The credibility of Imran Khan government has hit another boulder after signing (on October 31) an undisclosed agreement with the banned Tehreek-e-Labbaik Pakistan (TLP) after thousands of its activists thronged the streets, causing casualties.

Things could get worse for Khan with this development occurring within days of his reluctantly approving the appointment of the army’s intelligence chief after prevaricating for three weeks. He favoured continuation of Lt. Gen. Faiz Hameed as Director General, Inter-Services Intelligence (ISI), when the army, treating it as its internal matter, transferred him to another post. Khan lost the much-debated turf war.

Both developments are being widely viewed as ‘surrender’ to and ‘appeasement’ of the religious extremists as well as the all-powerful military.
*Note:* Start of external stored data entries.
(* Let $N\ge1$, $\varphi,\gamma\in(0,1)$ with $\varphi+\gamma\ge1$, $\alpha=\min\{\varphi,\gamma\}$. Let $(X_t)_{t\ge0}$ be a Markov chain on $\{0,1\}^N$ whose one-step transition probabilities are $$p_{t-1\to t}(\boldsymbol{x},\boldsymbol{y})=\varphi^{\|\boldsymbol{y}\|}\bar\varphi^{N-\|\boldsymbol{y}\|}\Big\{1+\sum_{A\subseteq[N],A\neq\emptyset}\kappa_{t,A}\prod_{k\in A}\Big(1-\frac{\boldsymbol{y}[k]}{\varphi}\Big)\Big(1-\frac{\boldsymbol{x}[k]}{\gamma}\Big)\Big\},\quad \kappa_{t,A}=\Big(\frac{\alpha}{\bar\alpha}\Big)^{|A|}\mathbb{E}\Big[\prod_{k\in A}\Big(1-\frac{Z_t[k]}{\alpha}\Big)\Big],$$ where each $Z_t$ is a random element of $\{0,1\}^N$ with exchangeable coordinates. Then $(\|X_t\|)_t$ is a Markov chain with transition distribution $$p_{t-1\to t}(\|\boldsymbol{y}\|\mid\|\boldsymbol{x}\|)=\binom{N}{\|\boldsymbol{y}\|}\varphi^{\|\boldsymbol{y}\|}\bar\varphi^{N-\|\boldsymbol{y}\|}\Big\{1+\sum_{k=1}^N\binom{N}{k}\tilde\kappa_{t,k}Q_k(\|\boldsymbol{y}\|;N,\varphi)Q_k(\|\boldsymbol{x}\|;N,\gamma)\Big\},$$ where $\tilde\kappa_{t,k}=(\alpha/\bar\alpha)^k\mathbb{E}[Q_k(\|Z_t\|;N,\alpha)]$.
   Context: $\bar a=1-a$; $[N]=\{1,\dots,N\}$; $\|\boldsymbol{x}\|$ is the number of ones of $\boldsymbol{x}$ (its Hamming distance from $\boldsymbol{0}$). The Krawtchouk polynomials $Q_n(\zeta;N,a)$ are defined by $\sum_{n=0}^N\binom{N}{n}Q_n(\zeta;N,a)s^n=(1-(\bar a/a)s)^\zeta(1+s)^{N-\zeta}$. *)

From HB Require Import structures.
From mathcomp Require Import all_boot all_order all_algebra all_fingroup.
Set Implicit Arguments. Unset Strict Implicit. Unset Printing Implicit Defensive.
Import Order.TTheory GRing.Theory Num.Theory.
Local Open Scope ring_scope.

Definition state (N : nat) := {ffun 'I_N -> bool}.

Definition hw (N : nat) (x : state N) : nat := #|[pred k | x k]|.

Definition bit (R : ringType) (b : bool) : R := (b : nat)%:R.

(* Krawtchouk polynomial Q_n(zeta; N, a), defined through its generating
   function: binom(N,n) Q_n = [s^n] (1 - (abar/a) s)^zeta (1 + s)^(N-zeta). *)
Definition krawtchouk (R : fieldType) (n zeta N : nat) (a : R) : R :=
  (((1 - ((1 - a) / a)%:P * 'X) ^+ zeta * (1 + 'X) ^+ (N - zeta)) : {poly R})`_n
  / ('C(N, n))%:R.

Definition expect (R : ringType) N (q : state N -> R) (f : state N -> R) : R :=
  \sum_(z : state N) q z * f z.
(* Let $f:\mathbb{R}^p\to\mathbb{R}$ be differentiable and suppose there exist $\gamma,\kappa>0$ such that for all $x,y\in\mathbb{R}^p$: $$f(x)\le f(y)\implies\langle\nabla f(y),x-y\rangle\le-\frac\gamma2\|x-y\|^2,$$ $$f(x)\le f(y)\implies\langle\nabla f(y),x-y\rangle\le\kappa(f(x)-f(y)).$$ Then for all $x,y\in\mathbb{R}^p$, $$f(x)\le f(y)\implies f(x)\ge f(y)+\frac2\kappa\langle\nabla f(y),x-y\rangle+\frac{\gamma}{2\kappa}\|x-y\|^2.$$ *)

(* R^p is the row-vector space 'rV[R]_p over R : realType. *)
From HB Require Import structures.
From mathcomp Require Import all_boot all_order all_algebra.
From mathcomp Require Import all_classical all_reals all_analysis.
Set Implicit Arguments. Unset Strict Implicit. Unset Printing Implicit Defensive.
Import Order.TTheory GRing.Theory Num.Theory.
Import numFieldNormedType.Exports.
Local Open Scope ring_scope.

Definition dotp (R : realType) (p : nat) (u v : 'rV[R]_p) : R :=
  \sum_(i < p) u ord0 i * v ord0 i.

Definition enorm (R : realType) (p : nat) (v : 'rV[R]_p) : R :=
  Num.sqrt (dotp v v).

Definition gradient (R : realType) (p : nat) (f : 'rV[R]_p -> R)
  (y : 'rV[R]_p) : 'rV[R]_p :=
  \row_(i < p) ('D_(delta_mx 0 i) f y).

From HB Require Import structures.
From mathcomp Require Import all_boot all_order all_algebra.
From mathcomp Require Import all_classical all_reals all_analysis.
From mathcomp Require Import ring lra.
Import Order.TTheory GRing.Theory Num.Theory.
Import numFieldNormedType.Exports.
Local Open Scope ring_scope.

(* Write d = <grad f(y), x - y> and n = |x - y|^2.  The first hypothesis says
   d + (gamma/2) n <= 0, hence 2 d + (gamma/2) n <= d <= kappa (f x - f y) by
   the second; dividing by kappa gives the claim.  Only these two pointwise
   inequalities at the pair (x, y) are used: neither differentiability nor the
   sign of gamma plays any role. *)

Lemma combine_descent_bounds (R : realFieldType) (gamma kappa d n a b : R) :
  0 < kappa -> d <= - (gamma / 2) * n -> d <= kappa * (a - b) ->
  b + (2 / kappa) * d + (gamma / (2 * kappa)) * n <= a.
Proof.
move=> kappa_gt0 d_le_quad d_le_gap.
have kappa_neq0 : kappa != 0 by rewrite gt_eqF.
have sum_le_gap : 2 * d + gamma / 2 * n <= kappa * (a - b) by lra.
have -> : b + 2 / kappa * d + gamma / (2 * kappa) * n
          = b + (2 * d + gamma / 2 * n) / kappa by field.
by rewrite -lerBrDl ler_pdivrMr // (mulrC (a - b)).
Qed.

Theorem proposition5p1 (R : realType) (p : nat) (f : 'rV[R]_p -> R)
  (gamma kappa : R)
  (hdiff : forall x : 'rV[R]_p, differentiable f x)
  (hgamma : 0 < gamma) (hkappa : 0 < kappa)
  (h1 : forall x y : 'rV[R]_p, f x <= f y ->
     dotp (gradient f y) (x - y) <= - (gamma / 2) * enorm (x - y) ^+ 2)
  (h2 : forall x y : 'rV[R]_p, f x <= f y ->
     dotp (gradient f y) (x - y) <= kappa * (f x - f y)) :
  forall x y : 'rV[R]_p, f x <= f y ->
    f y + (2 / kappa) * dotp (gradient f y) (x - y)
        + (gamma / (2 * kappa)) * enorm (x - y) ^+ 2 <= f x.
Proof.
move=> x y fx_le_fy.
exact: combine_descent_bounds hkappa (h1 x y fx_le_fy) (h2 x y fx_le_fy).
Qed.
Lemma pivot_in_reps : pivot \in reps.
Proof.
apply: rep_in_reps; case: pickP => [x //|none].
have: G :\: 'Z(G) != set0.
  by apply: contra nabG; rewrite setD_eq0 => h; apply: subset_trans h (subsetIr _ _).
by case/set0Pn => x; rewrite none.
Qed.

Lemma pivot_noncentral : pivot \in G :\: 'Z(G).
Proof. by case/setIdP: pivot_in_reps. Qed.

Lemma pivot_subG : pivot \in G.
Proof. by case/setDP: pivot_noncentral. Qed.

Lemma rep_pivot : rep pivot = pivot.
Proof. by case/setIdP: pivot_in_reps => _ /eqP. Qed.

Lemma pivot_neq1 : pivot != 1.
Proof. by apply: contraTneq pivot_in_reps => ->; rewrite one_notin_reps. Qed.

Lemma one_neq_pivot : 1 != pivot.
Proof. by rewrite eq_sym pivot_neq1. Qed.

Definition csize x := #|'C_G[x]|.

Lemma csize_block x : x \in G -> csize x = #|block x| + #|'Z(G)|.
Proof.
move=> xG; rewrite /block cardsD (setIidPr (center_sub_cent1 xG)) subnK //.
exact: subset_leq_card (center_sub_cent1 xG).
Qed.

Lemma csize_rep x : x \in G -> csize (rep x) = csize x.
Proof. by move=> xG; rewrite /csize cent1_rep. Qed.

Lemma sum_card_blocks : \sum_(m in reps) #|block m| = #|G| - #|'Z(G)|.
Proof.
have -> : #|G| - #|'Z(G)| = #|G :\: 'Z(G)|.
  by rewrite cardsD (setIidPr (center_sub G)).
rewrite -sum1_card.
rewrite [RHS](partition_big rep (mem reps)); last by move=> i /rep_in_reps.
apply: eq_bigr => m mR; rewrite -(rep_fibre mR) sum1dep_card.
suff -> : [set x in G | rep x == m] = [set x in G :\: 'Z(G) | rep x == m] by [].
apply/setP => x; apply/setIdP/setIdP => [[xG rx]|[/setDP[xG _] rx]] //.
split=> //; apply/setDP; split=> //; apply: contraTN rx => xZ.
by rewrite rep_center //; apply: contraTneq mR => <-; rewrite one_notin_reps.
Qed.

Local Open Scope ring_scope.

(* Matrices indexed by G are handled as integer kernels gT -> gT -> int;
   ind is the 0/1 indicator of a boolean. *)
Definition ind (b : bool) : int := if b then 1 else 0.
Definition nG : int := #|G|%:R.
Definition nZ : int := #|'Z(G)|%:R.
Lemma has_argmin t s a : has a s ->
  exists2 k, a k & {in s, forall l, a l -> t k <= t l}.
Proof.
elim: s => //= i s IH.
have [/IH [k ak kmin] _ | /hasPn nas] := boolP (has a s).
  have [/andP [ai tik] | ti_gt] := boolP (a i && (t i <= t k)).
    exists i => // l; rewrite inE => /predU1P [-> // | ls al].
    exact: le_trans tik (kmin l ls al).
  exists k => // l; rewrite inE => /predU1P [-> ai | ]; last exact: kmin.
  by move: ti_gt; rewrite ai /= -ltNge => /ltW.
rewrite orbF => ai; exists i => // l; rewrite inE => /predU1P [-> // | ls].
by rewrite (negbTE (nas l ls)).
Qed.

Lemma count_le_rank t s a : has a s ->
  exists2 k, a k & (count a s <= count (fun l => (t k <= t l)%O) s)%N.
Proof.
move=> /(has_argmin t) [k ak kmin]; exists k => //.
have -> : count a s = count (predI a (fun l => t k <= t l)) s.
  by apply: eq_in_count => l ls /=; case al: (a l); rewrite //= (kmin l ls al).
by apply: sub_count => l /andP [].
Qed.

End rank_counting.

Lemma count_le_sum_count {T : Type} {J : finType} (s : seq T) {a : pred T}
    {b : J -> pred T} :
  (forall x, a x -> exists j, b j x) -> (count a s <= \sum_j count (b j) s)%N.
Proof.
move=> cover; elim: s => [|x s IH] /=; first by rewrite big1.
rewrite big_split leq_add //=; case ax: (a x) => //.
by have [j bjx] := cover x ax; rewrite (bigD1 j) //= bjx.
Qed.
All civilian governments in Pakistan depend almost entirely on the goodwill of the army, as also the ability to keep the influential religious conservatives on the right side.

While the army expectedly stayed in the background, Rehman, appearing at the announcement of the agreement, said the details of the pact would be announced “at an appropriate time.” He said “positive results” would be apparent in a week or 10 days.

The government’s performance was in sharp contrast with the tough talk by its ministers and in particular, the National Security Advisor, Moeed Yusuf, who threatened tough measures against the TLP that he said, had crossed the “red line” and had ‘exhausted’ the government’s patience.

While the National Assembly Speaker Asad Qaiser participated in the talks, the government fielded several of its ministers, including Interior Minister Sheikh Rasheed and Foreign Minister Shah Mehmood Qureshi.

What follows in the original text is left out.